Таяли под голыми ладонями леденистые крупинки. Холод пробирался через кожу и доставал до сердца. Оно билось чаще и больно стукало прямо в наст. Соломея впала в короткое забытье, словно провалилась в неизвестную глубину. Но дна не достала и вынырнула обратно. Очнулась и на ноги поднялась совершенно другим человеком. Мир лежал вокруг тот же, он не переменился, но виделся теперь совсем по-иному. Отныне не таил для нее угрозы, отныне она в нем никого и ничего не боялась. Неведомая, раньше незнаемая ей сила подтолкнула и повела по старым следам в деревню. По тем самым, которые еще помнили тяжесть ног Павла. Вот здесь он пробил наст и пригоршней черпал снег, а вот здесь лежал на спине и она наклонялась над ним, тут они катились под уклон, крепко обнявшись, а здесь он поставил ее на ноги и показал дом... Мелькнула перед глазами голубая коробочка, глубоко вдавленная ребром в снег. Соломея подняла ее и открыла. На красном бархате лежали два золотых кольца. "Подарок, Павел о нем говорил. Выпала... Кольца обручальные... Обручение и венчание. Слова-то какие, несбыточные". Золото под солнцем блестело, алая внутренность коробочки светилась.
Дом Соломея узнала сразу. Вошла в распахнутую калитку, увидела простреленных санитаров и сразу поняла, что случилось. Павел лежал на красном, подтаявшем снегу. Руки - вразброс. Так падают обычно на отдых, обессилев после долгой работы. Соломея опустилась перед ним на колени, пригладила ему растрепанные волосы. Она не плакала, не рыдала, а только вглядывалась в родное лицо, пытаясь его навсегда, до последней черточки, запомнить. После подняла Павла на руки и понесла в дом, пятная себя охолодавшей кровью. На крыльце невольно споткнулась, увидя широкую проталину и посредине ее - смолевый сучок.
Похоронных обрядов Соломея не знала, но неслышный голос нашептывал ей на ухо и вразумлял, что нужно делать. Натопила печку, нагрела воды, обмыла покойного и обрядила его в белую рубаху, которая нашлась в доме. Перенесла Павла в горницу и положила на лавку в переднем углу, под маленькую икону, на которой Георгий-победоносец поражал копьем змия. Вспомнила о кольцах и достала коробочку. Раскрыла ее и одно кольцо, большое, надела на правую руку Павла, а другое, поменьше, - себе. "Вот мы и повенчались..." - тихо сказала она и поцеловала Павла последним целованием в неподвижные и твердые губы.
До самого вечера Соломея копала в саду могилу. Долбила ломом мерзлую землю, выгребала руками комки и время от времени поднимала глаза на закатное солнце, торопясь закончить работу до сумерек.
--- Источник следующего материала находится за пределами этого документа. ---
(* Let $W$ be a finite-dimensional battery system with Hamiltonian $H_W$ and let $|0\rangle_W$ be an eigenvector of $H_W$. Suppose $\mathcal{T}$ is a Thermal Operation on $SW$ (with respect to $H_S\otimes\mathbb{I}+\mathbb{I}\otimes H_W$) such that $\mathcal{T}(\rho_S\otimes|0\rangle\langle0|_W)=\gamma_S\otimes\sigma_W$ for some state $\sigma_W$ with $[\sigma_W,H_W]=0$. Then also $\mathcal{T}(\mathcal{D}(\rho_S)\otimes|0\rangle\langle0|_W)=\gamma_S\otimes\sigma_W$.
   Context: $S$ is a finite-dimensional system with Hamiltonian $H_S$, $\beta>0$, $\gamma_S=e^{-\beta H_S}/\mathrm{tr}\,e^{-\beta H_S}$. A Thermal Operation on a system $X$ with Hamiltonian $H_X$ is a channel $\mathcal{T}(\rho)=\mathrm{tr}_B[U(\rho\otimes\gamma_B)U^\dagger]$ with $B$ any finite-dimensional system, $H_B$ any Hamiltonian, $\gamma_B=e^{-\beta H_B}/\mathrm{tr}\,e^{-\beta H_B}$, and $U$ unitary with $[U,H_X\otimes\mathbb{I}+\mathbb{I}\otimes H_B]=0$. $\mathcal{D}(\rho)=\lim_{s\to\infty}\frac1s\int_0^se^{-iH_St}\rho e^{iH_St}dt$ is the dephasing map on $S$. *)

From Stdlib Require Import Reals Arith.
Open Scope R_scope.

Record Cplx := mkC { re : R ; im : R }.
Definition C0 : Cplx := mkC 0 0.
Definition C1 : Cplx := mkC 1 0.
Definition RtoC (r : R) : Cplx := mkC r 0.
Definition Cadd (a b : Cplx) : Cplx := mkC (re a + re b) (im a + im b).
Definition Copp (a : Cplx) : Cplx := mkC (- re a) (- im a).
Definition Cmul (a b : Cplx) : Cplx :=
  mkC (re a * re b - im a * im b) (re a * im b + im a * re b).
Definition Cconj (a : Cplx) : Cplx := mkC (re a) (- im a).

Fixpoint csum (n : nat) (f : nat -> Cplx) : Cplx :=
  match n with
  | O => C0
  | S m => Cadd (csum m f) (f m)
  end.

(* ---------- matrices: a d x d matrix is a function nat -> nat -> C whose
   entries with indices < d are the meaningful ones ---------- *)
Definition Mat := nat -> nat -> Cplx.
Definition Vec := nat -> Cplx.

Definition meq (d : nat) (A B : Mat) : Prop :=
  forall i j, (i < d)%nat -> (j < d)%nat -> A i j = B i j.

Definition mI : Mat := fun i j => if Nat.eqb i j then C1 else C0.
Definition madd (A B : Mat) : Mat := fun i j => Cadd (A i j) (B i j).
Definition mscale (c : Cplx) (A : Mat) : Mat := fun i j => Cmul c (A i j).
Definition mmul (d : nat) (A B : Mat) : Mat :=
  fun i j => csum d (fun k => Cmul (A i k) (B k j)).
Definition madj (A : Mat) : Mat := fun i j => Cconj (A j i).
Definition mtrace (d : nat) (A : Mat) : Cplx := csum d (fun i => A i i).
Definition mapply (d : nat) (A : Mat) (v : Vec) : Vec :=
  fun i => csum d (fun k => Cmul (A i k) (v k)).

Fixpoint mpow (d : nat) (A : Mat) (k : nat) : Mat :=
  match k with
  | O => mI
  | S m => mmul d (mpow d A m) A
  end.

(* Tensor product A (x) B, where B is dB x dB; the index of a basis vector
   |a> (x) |b> is a * dB + b. *)
Definition kron (dB : nat) (A B : Mat) : Mat :=
  fun i j => Cmul (A (i / dB)%nat (j / dB)%nat) (B (i mod dB)%nat (j mod dB)%nat).

Definition ptrace2 (dB : nat) (M : Mat) : Mat :=
  fun i j => csum dB (fun k => M (i * dB + k)%nat (j * dB + k)%nat).

Definition proj (v : Vec) : Mat := fun i j => Cmul (v i) (Cconj (v j)).

Definition hermitian (d : nat) (H : Mat) : Prop := meq d (madj H) H.
Definition unitary (d : nat) (U : Mat) : Prop :=
  meq d (mmul d U (madj U)) mI /\ meq d (mmul d (madj U) U) mI.
Definition commutes (d : nat) (A B : Mat) : Prop :=
  meq d (mmul d A B) (mmul d B A).

Definition psd (d : nat) (A : Mat) : Prop :=
  forall v : Vec,
    0 <= re (csum d (fun i => csum d (fun j =>
                 Cmul (Cconj (v i)) (Cmul (A i j) (v j))))).

Definition density (d : nat) (rho : Mat) : Prop :=
  hermitian d rho /\ psd d rho /\ mtrace d rho = C1.

Definition exp_partial (d : nat) (A : Mat) (N : nat) : Mat :=
  fun i j => csum (S N) (fun k => Cmul (RtoC (/ INR (fact k))) (mpow d A k i j)).

Definition is_mexp (d : nat) (A E : Mat) : Prop :=
  forall i j, (i < d)%nat -> (j < d)%nat ->
    Un_cv (fun N => re (exp_partial d A N i j)) (re (E i j)) /\
    Un_cv (fun N => im (exp_partial d A N i j)) (im (E i j)).

Definition is_gibbs (d : nat) (beta : R) (H gamma : Mat) : Prop :=
  exists E : Mat, is_mexp d (mscale (RtoC (- beta)) H) E /\
    meq d gamma (mscale (RtoC (/ re (mtrace d E))) E).

Definition thermal_op (dX : nat) (HX : Mat) (beta : R) (T : Mat -> Mat) : Prop :=
  exists (dB : nat) (HB gammaB U : Mat),
    (0 < dB)%nat /\ hermitian dB HB /\ is_gibbs dB beta HB gammaB /\
    unitary (dX * dB) U /\
    commutes (dX * dB) U (madd (kron dB HX mI) (kron dB mI HB)) /\
    forall rho : Mat,
      meq dX (T rho)
        (ptrace2 dB (mmul (dX * dB) (mmul (dX * dB) U (kron dB rho gammaB))
                                       (madj U))).

Definition time_avg_cv (g : R -> R) (l : R) : Prop :=
  forall eps, 0 < eps -> exists S, 0 < S /\
    forall s, S <= s -> exists pr : Riemann_integrable g 0 s,
      Rabs (RiemannInt pr / s - l) < eps.

Definition is_dephased (d : nat) (H rho sigma : Mat) : Prop :=
  exists Ut : R -> Mat,
    (forall t, is_mexp d (mscale (mkC 0 (- t)) H) (Ut t)) /\
    forall i j, (i < d)%nat -> (j < d)%nat ->
      time_avg_cv (fun t => re (mmul d (mmul d (Ut t) rho) (madj (Ut t)) i j))
                  (re (sigma i j)) /\
      time_avg_cv (fun t => im (mmul d (mmul d (Ut t) rho) (madj (Ut t)) i j))
                  (im (sigma i j)).

From Pilot Require Import Defs.
From Stdlib Require Import Reals Arith.
From Stdlib Require Import Lia Lra Setoid Morphisms Ring FunctionalExtensionality.
Open Scope R_scope.

(* Since the dilation unitary commutes with the total Hamiltonian of system, battery and
   bath, a thermal operation is covariant: conjugating its input by the free evolution
   e^(-itH) conjugates its output by the same evolution.  The input rho_S (x) |0><0| evolves
   into rho_S(t) (x) |0><0| because |0> is an eigenvector of H_W, while the output
   gamma_S (x) sigma_W is stationary; hence T(rho_S(t) (x) |0><0|) = gamma_S (x) sigma_W for
   every t.  The dephased state is the time average of rho_S(t), and every entry of
   T(. (x) |0><0|) is a linear functional of its argument, so it commutes with time
   averaging, and the time average of a constant is that constant.
   The analytic input is the matrix exponential: its existence, its intertwining
   properties, and e^(A+B) = e^A e^B for commuting A and B, which splits the free evolution
   into a tensor product and makes it unitary. *)

(* Importing the Reals library shadows [Defs.C1] by the cosine remainder [Cos_rel.C1]. *)
Notation C1 := Defs.C1.

Lemma Cplx_ext (a b : Cplx) : re a = re b -> im a = im b -> a = b.
Proof. destruct a, b; simpl; intros; subst; reflexivity. Qed.

Definition Csub (a b : Cplx) : Cplx := Cadd a (Copp b).

Lemma Cring_theory : ring_theory C0 C1 Cadd Cmul Csub Copp (@eq Cplx).
Proof.
  constructor; intros; apply Cplx_ext; destruct x; try destruct y; try destruct z;
  unfold Cadd, Cmul, Csub, Copp, C0, C1; simpl; ring.
Qed.
Add Ring Cring : Cring_theory.

Ltac Csolve := apply Cplx_ext; simpl; ring.

Lemma RtoC_mul (a b : R) : RtoC (a * b) = Cmul (RtoC a) (RtoC b).
Proof. Csolve. Qed.
Lemma RtoC_add (a b : R) : RtoC (a + b) = Cadd (RtoC a) (RtoC b).
Proof. Csolve. Qed.
Lemma Cconj_mul (a b : Cplx) : Cconj (Cmul a b) = Cmul (Cconj a) (Cconj b).
Proof. Csolve. Qed.
Lemma Cconj_add (a b : Cplx) : Cconj (Cadd a b) = Cadd (Cconj a) (Cconj b).
Proof. Csolve. Qed.
Lemma Cconj_involutive (a : Cplx) : Cconj (Cconj a) = a.
Proof. Csolve. Qed.
Lemma Cconj_RtoC (r : R) : Cconj (RtoC r) = RtoC r.
Proof. Csolve. Qed.

Lemma csum_ext (n : nat) (f g : nat -> Cplx) :
  (forall k, (k < n)%nat -> f k = g k) -> csum n f = csum n g.
Proof.
  induction n as [|n IH]; intros Hfg; simpl; auto.
  rewrite IH, Hfg; auto; intros; apply Hfg; lia.
Qed.

Lemma csum_add (n : nat) (f g : nat -> Cplx) :
  csum n (fun k => Cadd (f k) (g k)) = Cadd (csum n f) (csum n g).
Proof. induction n as [|n IH]; simpl; [Csolve | rewrite IH; ring]. Qed.

Lemma csum_mull (n : nat) (c : Cplx) (f : nat -> Cplx) :
  csum n (fun k => Cmul c (f k)) = Cmul c (csum n f).
Proof. induction n as [|n IH]; simpl; [Csolve | rewrite IH; ring]. Qed.

Lemma csum_mulr (n : nat) (c : Cplx) (f : nat -> Cplx) :
  csum n (fun k => Cmul (f k) c) = Cmul (csum n f) c.
Proof. induction n as [|n IH]; simpl; [Csolve | rewrite IH; ring]. Qed.

Lemma csum_opp (n : nat) (f : nat -> Cplx) :
  csum n (fun k => Copp (f k)) = Copp (csum n f).
Proof. induction n as [|n IH]; simpl; [Csolve | rewrite IH; ring]. Qed.

Lemma csum_eq0 (n : nat) (f : nat -> Cplx) :
  (forall k, (k < n)%nat -> f k = C0) -> csum n f = C0.
Proof.
  induction n as [|n IH]; intros Hf; simpl; auto.
  rewrite IH, Hf; [ring | lia | intros; apply Hf; lia].
Qed.

Lemma csum_swap (n m : nat) (f : nat -> nat -> Cplx) :
  csum n (fun i => csum m (fun j => f i j)) = csum m (fun j => csum n (fun i => f i j)).
Proof.
  induction n as [|n IH]; simpl.
  - symmetry; apply csum_eq0; auto.
  - rewrite IH, <- csum_add. reflexivity.
Qed.

Lemma csum_split (m n : nat) (f : nat -> Cplx) :
  csum (m + n) f = Cadd (csum m f) (csum n (fun b => f (m + b)%nat)).
Proof.
  induction n as [|n IH]; simpl.
  - rewrite Nat.add_0_r. ring.
  - rewrite Nat.add_succ_r. simpl. rewrite IH. ring.
Qed.

Lemma csum_prod_index (m n : nat) (f : nat -> Cplx) :
  csum (m * n) f = csum m (fun a => csum n (fun b => f (a * n + b)%nat)).
Proof.
  induction m as [|m IH]; simpl; auto.
  rewrite Nat.add_comm, csum_split, IH. reflexivity.
Qed.

Lemma csum_first (n : nat) (f : nat -> Cplx) :
  csum (S n) f = Cadd (f O) (csum n (fun k => f (S k))).
Proof. induction n as [|n IH]; simpl; [ring | simpl in IH; rewrite IH; ring]. Qed.

Lemma csum_delta (n j : nat) (f : nat -> Cplx) : (j < n)%nat ->
  csum n (fun k => if Nat.eqb k j then f k else C0) = f j.
Proof.
  induction n as [|n IH]; intros Hj; [lia|]. simpl.
  destruct (Nat.eq_dec j n) as [->|Hne].
  - rewrite Nat.eqb_refl, csum_eq0; [ring|].
    intros k Hk. destruct (Nat.eqb_spec k n); [lia|auto].
  - rewrite IH by lia. destruct (Nat.eqb_spec n j); [lia|ring].
Qed.

Lemma csum_mul_csum (m n : nat) (f g : nat -> Cplx) :
  Cmul (csum m f) (csum n g) = csum m (fun a => csum n (fun b => Cmul (f a) (g b))).
Proof. rewrite <- csum_mulr. apply csum_ext; intros. rewrite <- csum_mull. auto. Qed.

Lemma Cconj_csum (n : nat) (f : nat -> Cplx) :
  Cconj (csum n f) = csum n (fun k => Cconj (f k)).
Proof. induction n as [|n IH]; simpl; [Csolve | rewrite Cconj_add, IH; auto]. Qed.

Lemma re_csum_S (N : nat) (f : nat -> Cplx) :
  re (csum (S N) f) = sum_f_R0 (fun k => re (f k)) N.
Proof. induction N as [|N IH]; simpl in *; [ring | rewrite IH; reflexivity]. Qed.

Lemma im_csum_S (N : nat) (f : nat -> Cplx) :
  im (csum (S N) f) = sum_f_R0 (fun k => im (f k)) N.
Proof. induction N as [|N IH]; simpl in *; [ring | rewrite IH; reflexivity]. Qed.

(** * Matrix algebra *)

Lemma divmod_pair (n a b : nat) : (b < n)%nat -> ((a * n + b) / n = a /\ (a * n + b) mod n = b)%nat.
Proof.
  intros Hb. split.
  - symmetry; apply (Nat.div_unique _ _ _ b); lia.
  - symmetry; apply (Nat.mod_unique _ _ a); lia.
Qed.

Lemma div_lt_prod (m n i : nat) : (i < m * n)%nat -> (i / n < m)%nat.
Proof. intros. apply Nat.Div0.div_lt_upper_bound. lia. Qed.

Lemma mod_lt_prod (m n i : nat) : (i < m * n)%nat -> (i mod n < n)%nat.
Proof. intros. apply Nat.mod_upper_bound. intros ->. lia. Qed.

#[export] Instance meq_equiv (d : nat) : Equivalence (meq d).
Proof.
  split; unfold meq; intros ? *; intros; [auto | symmetry; auto |].
  rewrite H by auto; auto.
Qed.

#[export] Instance mmul_proper (d : nat) : Proper (meq d ==> meq d ==> meq d) (mmul d).
Proof.
  intros A A' HA B B' HB i j Hi Hj. unfold mmul. apply csum_ext; intros.
  rewrite HA, HB by auto; auto.
Qed.
#[export] Instance mscale_proper (d : nat) (c : Cplx) : Proper (meq d ==> meq d) (mscale c).
Proof. intros A A' HA i j Hi Hj. unfold mscale. rewrite HA by auto; auto. Qed.
#[export] Instance madj_proper (d : nat) : Proper (meq d ==> meq d) madj.
Proof. intros A A' HA i j Hi Hj. unfold madj. rewrite HA by auto; auto. Qed.

Lemma meq_pointwise (d : nat) (A B : Mat) : (forall i j, A i j = B i j) -> meq d A B.
Proof. intros H i j _ _; auto. Qed.

Lemma mmul_assoc (d : nat) (A B C : Mat) :
  meq d (mmul d (mmul d A B) C) (mmul d A (mmul d B C)).
Proof.
  apply meq_pointwise; intros. unfold mmul.
  rewrite <- (csum_ext _ (fun k => csum d (fun l => Cmul (A i l) (Cmul (B l k) (C k j))))).
  2:{ intros. rewrite <- csum_mulr. apply csum_ext; intros; ring. }
  rewrite csum_swap. apply csum_ext; intros. rewrite <- csum_mull. auto.
Qed.

Lemma mmul_madd_r (d : nat) (A B C : Mat) :
  meq d (mmul d C (madd A B)) (madd (mmul d C A) (mmul d C B)).
Proof. apply meq_pointwise; intros. unfold mmul, madd. rewrite <- csum_add. apply csum_ext; intros; ring. Qed.
Lemma mmul_mscale_l (d : nat) (c : Cplx) (A B : Mat) :
  meq d (mmul d (mscale c A) B) (mscale c (mmul d A B)).
Proof. apply meq_pointwise; intros. unfold mmul, mscale. rewrite <- csum_mull. apply csum_ext; intros; ring. Qed.
Lemma mmul_mscale_r (d : nat) (c : Cplx) (A B : Mat) :
  meq d (mmul d A (mscale c B)) (mscale c (mmul d A B)).
Proof. apply meq_pointwise; intros. unfold mmul, mscale. rewrite <- csum_mull. apply csum_ext; intros; ring. Qed.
Могилу она выкопала глубокую и просторную. Когда опустила Павла, а рядом с ним положила убитых им санитаров, то подумала, что осталось место еще для одного человека. Но пыхнул в глазах неистовый свет, и глаза ее, обретя новое зрение, увидели: отца Иоанна, убитого на паперти храма, сам храм, уродливо заколоченный досками, обугленных Петра и Фросю, могучего балалаечника, придавленного санитарами к полу, а еще - Юродивого, одиноко, потерянно бредущего по городу, - разом увидела всю землю, до краев налитую горем и мороком. Земля, беспризорная без этих людей, призывала, моля о спасении, остаться тех, кто еще мог помнить и думать.